> [DATA EXCERPTS]
(* Let $f_1,\dots,f_n:\mathbb{R}^d\to\mathbb{R}$ be such that each $f_i$ is $L_i$-smooth and $\mu_i$-strongly convex with minimizer $x_i$. Let $\alpha\in(0,1)$ and $\tilde f(x) = \frac{1}{n}\sum_{i=1}^n f_i(\alpha x + (1-\alpha)x_i)$, with minimizer $x^*$. Let $\overline{\mu} = \frac{1}{n}\sum_i\mu_i$. Then \[ \frac{1}{n}\sum_{i=1}^n\|x_i - x^*\|^2 \leq \frac{\max_i L_i}{\overline{\mu}}\max_{i,j}\|x_i - x_j\|^2. \]
   Context: A differentiable $g$ is $L$-smooth if $\|\nabla g(x)-\nabla g(y)\|\leq L\|x-y\|$ for all $x,y$, and $\mu$-strongly convex if $g(x)\geq g(y)+\langle\nabla g(y),x-y\rangle+\frac{\mu}{2}\|x-y\|^2$ for all $x,y$. *)

From HB Require Import structures.
From mathcomp Require Import all_boot all_order all_algebra.
From mathcomp Require Import all_classical all_reals all_analysis.
Set Implicit Arguments. Unset Strict Implicit. Unset Printing Implicit Defensive.
Import Order.TTheory GRing.Theory Num.Theory.
Import numFieldNormedType.Exports.
Local Open Scope ring_scope.

Section Defs.
Variables (R : realType) (d : nat).

(* Euclidean inner product and Euclidean norm on R^d (the library's default
   norm on matrices is the max-norm, so we define the Euclidean one). *)
Definition dotv (u v : 'rV[R]_d) : R := \sum_(j < d) u 0 j * v 0 j.
Definition enorm (u : 'rV[R]_d) : R := Num.sqrt (dotv u u).

Definition grad (f : 'rV[R]_d -> R) (x : 'rV[R]_d) : 'rV[R]_d :=
  \row_(j < d) ('d f x (delta_mx 0 j : 'rV[R]_d)).

Definition L_smooth (L : R) (f : 'rV[R]_d -> R) : Prop :=
  forall x y, enorm (grad f x - grad f y) <= L * enorm (x - y).
Lemma moment_bound k (A : {set Y}) w (I : {set 'I_n}) (M : R) :
  (#|A| <= k)%N -> profiled_by A w I -> 0 <= M ->
  (forall T : {set 'I_n}, T \subset I -> (#|T| < k)%N -> `|moment w T| <= M) ->
  `|moment w I| <= (2 * #|I| + 1)%:R ^+ k * M.
Proof.
have [t] := ubnP #|I|; elim: t => // t IHt in k A w I M *.
rewrite ltnS => leIt leAk wA M0 small_le.
have ge1 j (r : nat) : 1 <= (2 * r + 1)%:R ^+ j :> R.
  by rewrite exprn_ege1 // ler1n addn1.
have [ltIk | leKI] := ltnP #|I| k.
  by apply: le_trans (small_le I (subxx I) ltIk) _; rewrite ler_peMl ?ge1.
have [A0 | [y0 y0A]] := set_0Vmem A.
  rewrite (@moment_profiled_by0 _ I) ?normr0 -?A0 //.
  by rewrite mulr_ge0 // (le_trans ler01).
case: k leAk small_le leKI => [|k] leAk small_le leKI.
  by move: leAk; rewrite leqn0 cards_eq0 => /eqP A0; rewrite A0 inE in y0A.
have [a aI] : exists a, a \in I.
  by apply/set0Pn; rewrite -card_gt0 (leq_trans _ leKI).
set I' := I :\ a; set lam := q a y0.
have aI' : a \notin I' by rewrite !inE eqxx.
have defI : I = a |: I' by rewrite setD1K.
have cardI : #|I| = #|I'|.+1 by rewrite (cardsD1 a) aI.
have sI'I : I' \subset I by rewrite subD1set.
have /andP [lam0 lam1] : 0 <= lam <= 1 by apply: q01.
have IHw : `|moment w I'| <= (2 * #|I'| + 1)%:R ^+ k.+1 * M.
  apply: (IHt _ A) => //; first by rewrite -ltnS -cardI.
    exact: profiled_by_subset wA.
  by move=> T sTI'; apply: small_le (subset_trans sTI' sI'I).
have IHw' : `|moment (fun y => w y * (q a y - lam)) I'|
    <= (2 * #|I'| + 1)%:R ^+ k * (2 * M).
  apply: (IHt _ (A :\ y0)); first by rewrite -ltnS -cardI.
  - by move: leAk; rewrite (cardsD1 y0) y0A.
  - by apply: profiled_by_setU1; rewrite // -defI.
  - by rewrite mulr_ge0.
  move=> T sTI' ltTk.
  have aT : a \notin T by apply: contra aI'; apply: (subsetP sTI').
  rewrite -[moment _ T](addrK (lam * moment w T)) -moment_setU1 //.
  have le_aT : `|moment w (a |: T)| <= M.
    apply: small_le; last by rewrite cardsU1 aT.
    by rewrite subUset sub1set aI (subset_trans sTI' sI'I).
  have le_T : `|moment w T| <= M.
    by apply: small_le; [apply: subset_trans sTI' sI'I | apply: ltnW].
  apply: le_trans (ler_normB _ _) _; rewrite normrM (ger0_norm lam0).
  have : lam * `|moment w T| <= M by rewrite (le_trans _ le_T) // ler_piMl.
  lra.
rewrite defI (moment_setU1 _ lam) // -defI cardI.
set x : R := (2 * #|I'| + 1)%:R in IHw IHw' *.
have -> : (2 * #|I'|.+1 + 1)%:R = x + 2 by rewrite /x -addn2 !natrD natrM; ring.
have xk_le : x ^+ k <= (x + 2) ^+ k.
  by rewrite lerXn2r ?nnegrE ?lerDl // addr_ge0.
apply: (le_trans (ler_normD _ _)); rewrite normrM (ger0_norm lam0).
apply: (@le_trans _ _ (x ^+ k * (2 * M) + x ^+ k.+1 * M)).
  apply: lerD; first exact: IHw'.
  by rewrite (le_trans _ IHw) // ler_piMl.
have -> : x ^+ k * (2 * M) + x ^+ k.+1 * M = (x + 2) * (x ^+ k * M).
  by rewrite exprS; ring.
by rewrite exprS -mulrA ler_wpM2l ?ler_wpM2r ?addr_ge0 ?ler0n.
Qed.

End Moments.

Lemma sum_cylinder_prod {R : comPzSemiRingType} {I T : finType}
    (F : I -> T -> R) (B : {set I}) (sigma : {ffun I -> T}) :
  \sum_(x : {ffun I -> T} | [forall i in B, x i == sigma i]) \prod_i F i (x i)
  = \prod_i (if i \in B then F i (sigma i) else \sum_t F i t).
Proof.
pose c i t := (i \in B) ==> (t == sigma i).
transitivity (\prod_i \sum_t (if c i t then F i t else 0)); last first.
  apply: eq_bigr => i _; rewrite /c; case: (i \in B) => //=.
  rewrite (bigD1 (sigma i)) //= eqxx big1 ?addr0 // => t /negbTE -> //.
rewrite bigA_distr_bigA big_mkcond /=; apply: eq_bigr => x _.
case: forallP => [cx | ncx].
  by apply: eq_bigr => i _; rewrite /c; move: (cx i); case: (_ ==> _).
have [i] : exists i, ~~ c i (x i).
  apply/existsP; rewrite -negb_forall; apply/negP => /forallP cx.
  by apply: ncx => i; apply/implyP => /(implyP (cx i)).
by move=> /negbTE ci; rewrite (bigD1 i) //= ci mul0r.
Qed.

Lemma sumr_gt0 {R : numDomainType} {T : finType} (x0 : T) (F : T -> R) :
  (forall x, 0 < F x) -> 0 < \sum_x F x.
Proof.
move=> F_gt0; rewrite (bigD1 x0) //= ltr_wpDr ?F_gt0 //.
by apply: sumr_ge0 => x _; apply/ltW/F_gt0.
Qed.

Section RBMPosterior.
Context {R : realType} {n m : nat}.
Variables (J : 'M[R]_(n, m)) (h : 'I_n -> R) (g : 'I_m -> R).
Variable sigma : obs n.

Definition local_field (i : 'I_n) (y : lat m) : R :=
  \sum_(j < m) J i j * spin R (y j) + h i.

Definition local_norm i y := expR (local_field i y) + expR (- local_field i y).

(* P(X_i = sigma_i | Y = y) *)
Definition cond_spin i y :=
  expR (spin R (sigma i) * local_field i y) / local_norm i y.

Definition latent_w (y : lat m) : R :=
  expR (\sum_(j < m) g j * spin R (y j)) * \prod_(i < n) local_norm i y.

Definition cyl_w (B : {set 'I_n}) : R :=
  \sum_(x : obs n | [forall i in B, x i == sigma i]) marg_w J h g x.

Lemma local_norm_gt0 i y : 0 < local_norm i y.
Proof. by rewrite addr_gt0 ?expR_gt0. Qed.

Lemma cond_spin_bound i y : 0 <= cond_spin i y <= 1.
Proof.
rewrite divr_ge0 ?expR_ge0 ?(ltW (local_norm_gt0 _ _)) //=.
rewrite ler_pdivrMr ?local_norm_gt0 // mul1r /local_norm.
by case: (sigma i); rewrite /= ?mul1r ?mulN1r ?lerDl ?lerDr expR_ge0.
Qed.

> [WHAT YOU SHOULD DO]
Looking at the records above, in how many lines does the word "dotv" occur? Reply with the number alone.

> [SOLUTION FOR THIS PROBLEM]
2